What to do:
Could you restate word for word every line from the one containing "(forall i j, X j i = adj (X i j)) /\" to the end of the records, and nothing else?
*** Available records ***
(* On $\mathcal H=\mathbb C^2$ with orthonormal basis $|0\rangle,|1\rangle$, let $P_1=\frac12|0\rangle\langle0|$ and $P_2=\frac12|0\rangle\langle0|+|1\rangle\langle1|$. The POVM $\{P_1,P_2\}$ is not extremal, while the instrument $\mathcal N_i(\rho)=\sqrt{P_i}\,\rho\,\sqrt{P_i}$, $i=1,2$, is an extremal instrument.
   Context: A POVM is a family of positive operators summing to the identity; an extremal POVM is an extreme point of the convex set of POVMs with the same number of outcomes. An instrument with $M$ outcomes is a family of completely positive maps $\mathcal N_i:\mathcal L(\mathcal H)\to\mathcal L(\mathcal H)$ whose sum is trace preserving; extremal means an extreme point of the convex set of all such instruments with $M$ outcomes. *)

From HB Require Import structures.
From mathcomp Require Import all_boot all_order all_algebra all_field.
Set Implicit Arguments. Unset Strict Implicit. Unset Printing Implicit Defensive.
Import Order.TTheory GRing.Theory Num.Theory.
Local Open Scope ring_scope.

Definition adj (m n : nat) (A : 'M[algC]_(m, n)) : 'M[algC]_(n, m) :=
  (map_mx Num.conj A)^T.

(* positive (semidefinite) operator on C^n; in algC, 0 <= z means z is real nonnegative *)
Definition psd (n : nat) (A : 'M[algC]_n) : Prop :=
  A = adj A /\ forall v : 'cV[algC]_n, 0 <= (adj v *m A *m v) 0 0.

(* positivity of an element of M_k (x) M_n, given as a k x k array of n x n blocks *)
Definition block_psd (k n : nat) (X : 'I_k -> 'I_k -> 'M[algC]_n) : Prop :=
  (forall i j, X j i = adj (X i j)) /\
  forall v : 'I_k -> 'cV[algC]_n,
    0 <= \sum_(i < k) \sum_(j < k) (adj (v i) *m X i j *m v j) 0 0.

Definition linmap (n : nat) (f : 'M[algC]_n -> 'M[algC]_n) : Prop :=
  forall (a : algC) (X Y : 'M[algC]_n), f (a *: X + Y) = a *: f X + f Y.

Definition CP (n : nat) (f : 'M[algC]_n -> 'M[algC]_n) : Prop :=
  forall (k : nat) (X : 'I_k -> 'I_k -> 'M[algC]_n),
    block_psd X -> block_psd (fun i j => f (X i j)).

Definition POVM (n M : nat) (P : 'I_M -> 'M[algC]_n) : Prop :=
  (forall i, psd (P i)) /\ \sum_(i < M) P i = 1%:M.

Definition extremal_POVM (n M : nat) (P : 'I_M -> 'M[algC]_n) : Prop :=
  POVM P /\
  forall (Q R : 'I_M -> 'M[algC]_n) (t : algC),
    POVM Q -> POVM R -> 0 < t -> t < 1 ->
    (forall i, P i = t *: Q i + (1 - t) *: R i) ->
    forall i, Q i = P i /\ R i = P i.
*** End of Available records ***
Your response:
  (forall i j, X j i = adj (X i j)) /\
  forall v : 'I_k -> 'cV[algC]_n,
    0 <= \sum_(i < k) \sum_(j < k) (adj (v i) *m X i j *m v j) 0 0.

Definition linmap (n : nat) (f : 'M[algC]_n -> 'M[algC]_n) : Prop :=
  forall (a : algC) (X Y : 'M[algC]_n), f (a *: X + Y) = a *: f X + f Y.

Definition CP (n : nat) (f : 'M[algC]_n -> 'M[algC]_n) : Prop :=
  forall (k : nat) (X : 'I_k -> 'I_k -> 'M[algC]_n),
    block_psd X -> block_psd (fun i j => f (X i j)).

Definition POVM (n M : nat) (P : 'I_M -> 'M[algC]_n) : Prop :=
  (forall i, psd (P i)) /\ \sum_(i < M) P i = 1%:M.

Definition extremal_POVM (n M : nat) (P : 'I_M -> 'M[algC]_n) : Prop :=
  POVM P /\
  forall (Q R : 'I_M -> 'M[algC]_n) (t : algC),
    POVM Q -> POVM R -> 0 < t -> t < 1 ->
    (forall i, P i = t *: Q i + (1 - t) *: R i) ->
    forall i, Q i = P i /\ R i = P i.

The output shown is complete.